Впрочем, любая просьба грубо вырывала его из некоего несравнимо лучшего измерения бытия. Приходилось утешаться тем, что с библейских времен каждый город спасается подобными праведниками, и доводить процесс оформления сделки до благополучного завершения настырно названивая, напоминая и настаивая. Наверное, все бы получилось, если бы не очередная Ливанская война.
Как ни сложно вообразить, на что мой Шмуэль мог сгодиться Армии обороны Израиля, его призвали на службу. Чрезвычайные требования военного времени вышли на первое место даже в жизни тех, кто в оборону страны мог вложить лишь свою тревогу. Когда в каждой сводке новостей перечисляют погибших, обывателя в тылу охватывает стыд за интерес к курсу доллара… И я отдала ключи от дома, где когда-то была очень счастлива, а потом очень несчастна, напрочь забыв о переводе коммунальных счетов на имя новых жильцов. Однако скоро о них самым неприятным образом принялись напоминать штрафы мэрии и иски электрической компании. Поскольку юридически неплательщиком оставалась я, следовало перерезать пуповину ответственности.
Меж тем демобилизованный Шмуэль в своей конторе больше не появлялся. Некоторое время там еще теплилась деловая жизнь в виде вялых уверений автоответчика, что «г-н Штейнберг непременно отзвонит», затем умолкли и эти посулы. Табличка «Помещение сдается» скорбной эпитафией повисла над погостом моих надежд на добровольное появление законоведа. Лишь через сосватавшего нас юриста удалось передать ему отчаянную мольбу о срочно требующейся помощи.Шмуэль назначил встречу на пешеходной улице. Видимо, не существовало уже не только конторы, но и адвокатской практики. В холодный, пасмурный день под накрапывающим дождем я топталась посреди улицы Бен-Иегуда, высматривая горе-стряпчего среди редких прохожих с поднятыми воротниками. Наконец он возник: продвигался по улице зигзагом, неровной походкой сумасшедшего. Растрепанные волосы реяли на ветру, грязно-белый шарф метался, как знак капитуляции, а мятое, испачканное чем-то желтым пальто было застегнуто не на ту пуговицу. В руке адвокат-расстрига судорожно сжимал листочки документов.

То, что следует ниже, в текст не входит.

Definition verifier (h0 : Hd) (gam : 'I_(nk + k) -> E) (eps : E) (h1 : Hd)
    (istar : leaf) (resp : seq S * option aux * C * 'rV[E]_(r.-1)) : bool :=
  let: (path, auxr, cstar, alphastar) := resp in
  let vstate (j : leaf) : option (S * option aux) :=
    match recon_seed path istar j with
    | Some s => if j == lastleaf then omap (fun a => (s, Some a)) auxr
                else Some (s, None)
    | None => None
    end in
  let coms := [seq (if j == istar then Some cstar
                    else omap (fun st => com st.1 st.2) (vstate j))
              | j <- enum {: leaf}] in
  let vsh (j : leaf) : shares := odflt zero_sh (omap leaf_sh (vstate j)) in
  let leaf_alpha (j : leaf) : 'rV[E]_(r.-1) :=
    if j == istar then alphastar else alpha_sh gam eps (j == firstleaf) (vsh j) in
  let alpha_main (d : 'I_D) (b : bool) : 'rV[E]_(r.-1) :=
    \sum_(j | party d b j) leaf_alpha j in
  let alpha (d : 'I_D) := alpha_main d false + alpha_main d true in
  let v_open (d : 'I_D) (b : bool) : E :=
    v_sh gam eps (alpha d) (~~ b) (sum_sh (party d b) vsh) in
  (* the main party containing istar gets the v share making v = 0 *)
  let v_main (d : 'I_D) (b : bool) : E :=
    if b == tnth istar d then - v_open d (~~ b) else v_open d b in
  let Hrec (d : 'I_D) : Hd :=
    hashD (alpha_main d false, v_main d false) (alpha_main d true, v_main d true) in
  [&& all isSome coms,
      [forall d1 : 'I_D, [forall d2 : 'I_D, alpha d1 == alpha d2]],
      hash0 (pmap id coms) == h0 &
      hash1 [seq Hrec d | d <- enum 'I_D] == h1 ].

End RankSD.

From HB Require Import structures.
From mathcomp Require Import all_boot all_order all_algebra all_field ring.
Import Order.TTheory GRing.Theory Num.Theory.
Set Implicit Arguments. Unset Strict Implicit. Unset Printing Implicit Defensive.
Local Open Scope ring_scope.

(* Every value a party of Pi^eta computes is additive in its shares (the maps
   x |-> x^(q^i) are additive in characteristic p), so in each dimension the two
   main parties jointly run Pi^eta on the secret (x_B, beta, a, c) itself.  There
   alpha = eps omega + a, and v = eps (z - <omega, beta>) vanishes because every
   coordinate of x lies in U and is therefore a root of L.  The sibling path of
   i* rebuilds the seed of every other leaf, so the verifier recomputes exactly
   the prover's commitments, alpha and H_d, the missing v-share being forced by
   v = 0. *)

Section FieldExtension.
Variables (F0 : finFieldType) (E : fieldExtType F0).

Lemma pnat_fqX i : [pchar E].-nat (fq F0 ^ i)%N.
Proof.
have [p p_pr pchar_p] := finPcharP F0.
by rewrite /fq (card_pprimeChar pchar_p) -expnM pnatX pnatE // (pchar_lalg E) pchar_p.
Qed.

Lemma frobD i (a b : E) : frob i (a + b) = frob i a + frob i b.
Proof. by rewrite /frob exprDn_pchar // pnat_fqX. Qed.

Lemma root_annihilator (U : {vspace E}) u : u \in U -> root (annihilator U) u.
Proof.
move=> Uu; rewrite /root /annihilator horner_prod.
by rewrite (bigD1 (u : finvect_type E)) //= hornerXsubC subrr mul0r.
Qed.
(* If $G$ is a regular graph on $d+2$ vertices that is not a complete multipartite graph, then $G$ has a spherical representation in $\mathbb{R}^d$.
   Context: Graphs are finite and simple. A finite set $S\subset\mathbb{R}^d$ is a 2-distance set if $\{\|p-q\| : p,q\in S, p\neq q\}$ has exactly two elements $\alpha_1>\alpha_2$; its associated graph has vertex set $S$ with $p,q$ adjacent iff $\|p-q\|=\alpha_1$. $G$ has a spherical representation in $\mathbb{R}^d$ if some 2-distance set in $\mathbb{R}^d$ lying on a $(d-1)$-dimensional sphere has associated graph $G$. *)

From HB Require Import structures.
From mathcomp Require Import all_boot all_order all_algebra.
From mathcomp Require Import reals.
Set Implicit Arguments. Unset Strict Implicit. Unset Printing Implicit Defensive.
Import Order.TTheory GRing.Theory Num.Theory.
Local Open Scope ring_scope.

Definition simple_graph (V : finType) (adj : rel V) : Prop :=
  (forall u, ~~ adj u u) /\ (forall u v, adj u v = adj v u).

Definition degree (V : finType) (adj : rel V) (v : V) : nat := #|[set u | adj v u]|.
Definition regular (V : finType) (adj : rel V) : Prop :=
  exists k : nat, forall v, degree adj v = k.

(* Complete multipartite: the vertex set is partitioned into parts
   (given by a labelling f), and u,v are adjacent iff they lie in different parts. *)
Definition complete_multipartite (V : finType) (adj : rel V) : Prop :=
  exists f : V -> nat, forall u v, adj u v = (f u != f v).

Definition edist (R : realType) (d : nat) (x y : 'rV[R]_d) : R :=
  Num.sqrt (\sum_(i < d) (x ord0 i - y ord0 i) ^+ 2).

(* Spherical representation in R^d: an injective placement p of the vertices
   (so p(V) is a set S with |S| = |V|), lying on a sphere of positive radius
   (a (d-1)-sphere), whose set of mutual distances is exactly {a1, a2} with
   a1 > a2, and with u ~ v iff ||p u - p v|| = a1. *)
Definition spherical_representation (R : realType) (d : nat)
    (V : finType) (adj : rel V) : Prop :=
  exists p : V -> 'rV[R]_d,
    injective p /\
    (exists (c : 'rV[R]_d) (r : R), 0 < r /\ forall v, edist (p v) c = r) /\
    exists a1 a2 : R,
      a2 < a1 /\
      (forall u v, u != v -> edist (p u) (p v) = a1 \/ edist (p u) (p v) = a2) /\
      (exists u v, u != v /\ edist (p u) (p v) = a1) /\
      (exists u v, u != v /\ edist (p u) (p v) = a2) /\
      (forall u v, u != v -> (adj u v <-> edist (p u) (p v) = a1)).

— Шмуэль, — не удержалась я. — Все ли в порядке? Как ваши дела?
— Плохо, — ответил он спокойно и мрачно, уставившись в пространство. — Но какое это имеет значение? После Ливана ничто не имеет значения. Вот, — он нервно перебирал справки. — Вот тут надо подписаться.
— Зайдем в кафе, — предложила я.
— Нет, нет, — Шмуэль испуганно отпрянул, защищаясь поднятыми локтями. Он явно стремился покончить с моим делом как можно скорее и вернуться туда, откуда явился. Откуда? Все заставляло предположить, что пока мы тут переминаемся, в какой-то психиатрической лечебнице ведут лихорадочные поиски пропавшего пациента.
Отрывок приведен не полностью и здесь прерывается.